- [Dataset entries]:
--------------------------------------------------

(* Let $G\in\Gamma$ be twin-free with $\|G\|<\frac1{15}(9+4\sqrt6)$ (the Schur norm of $\begin{bmatrix}1&1&0\\1&1&1\\0&1&0\end{bmatrix}$). Then (1) $G$ has no induced subgraph isomorphic to the bipartite graph with biadjacency matrix $\begin{bmatrix}1&1&0\\1&1&1\end{bmatrix}$; and (2) every vertex of $G$ has degree at most $3$.
   Context: $\Gamma$ is the collection of all bipartite graphs $G\subseteq R\times C$ with $|R|,|C|\in\{1,2,\dots\}\cup\{\aleph_0\}$; the biadjacency matrix $M(G)$ has $(i,j)$ entry $1$ iff $(r_i,c_j)$ is an edge. $\|G\|$ is the Schur norm $\|M(G)\|_\bullet=\sup\{\|M(G)\bullet X\|:\|X\|\le1\}$ (entrywise product, operator norm on $\ell^2$ spaces over $\mathbb F\in\{\mathbb R,\mathbb C\}$). Induced subgraphs are $G\cap(R_0\times C_0)$; isomorphisms of bipartite graphs may swap the two sides. Two vertices are twins if they have the same neighbour sets; twin-free means no two distinct vertices are twins. *)

From mathcomp Require Import all_boot all_order all_algebra.
From mathcomp Require Import reals complex.
Import GRing.Theory Num.Theory.
Set Implicit Arguments. Unset Strict Implicit. Unset Printing Implicit Defensive.
Local Open Scope ring_scope.

(* A bipartite graph G ⊆ R × C with |R|,|C| ∈ {1,2,...} ∪ {ℵ0}.
   Row vertices are r_i, column vertices c_j; the size [Some k] means k.+1
   vertices (indices 0..k), [None] means ℵ0 vertices (all of nat).
   [bedge i j] says (r_i, c_j) is an edge (only meaningful on vertices). *)
Record bigraph := BiGraph {
  nrows : option nat;
  ncols : option nat;
  bedge : nat -> nat -> bool }.

Definition in_size (n : option nat) (i : nat) : bool :=
  if n is Some k then (i <= k)%N else true.

Definition is_row (G : bigraph) (i : nat) := in_size (nrows G) i.
Definition is_col (G : bigraph) (j : nat) := in_size (ncols G) j.

Definition biadj (F : numFieldType) (G : bigraph) (i j : nat) : F :=
  (bedge G i j)%:R.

--------------------------------------------------

- [What you are asked to do]:
Your task is to copy every line in the entries that holds the string "vertices".

- [Exercise result]:
   Context: $\Gamma$ is the collection of all bipartite graphs $G\subseteq R\times C$ with $|R|,|C|\in\{1,2,\dots\}\cup\{\aleph_0\}$; the biadjacency matrix $M(G)$ has $(i,j)$ entry $1$ iff $(r_i,c_j)$ is an edge. $\|G\|$ is the Schur norm $\|M(G)\|_\bullet=\sup\{\|M(G)\bullet X\|:\|X\|\le1\}$ (entrywise product, operator norm on $\ell^2$ spaces over $\mathbb F\in\{\mathbb R,\mathbb C\}$). Induced subgraphs are $G\cap(R_0\times C_0)$; isomorphisms of bipartite graphs may swap the two sides. Two vertices are twins if they have the same neighbour sets; twin-free means no two distinct vertices are twins. *)
   Row vertices are r_i, column vertices c_j; the size [Some k] means k.+1
   vertices (indices 0..k), [None] means ℵ0 vertices (all of nat).
   [bedge i j] says (r_i, c_j) is an edge (only meaningful on vertices). *)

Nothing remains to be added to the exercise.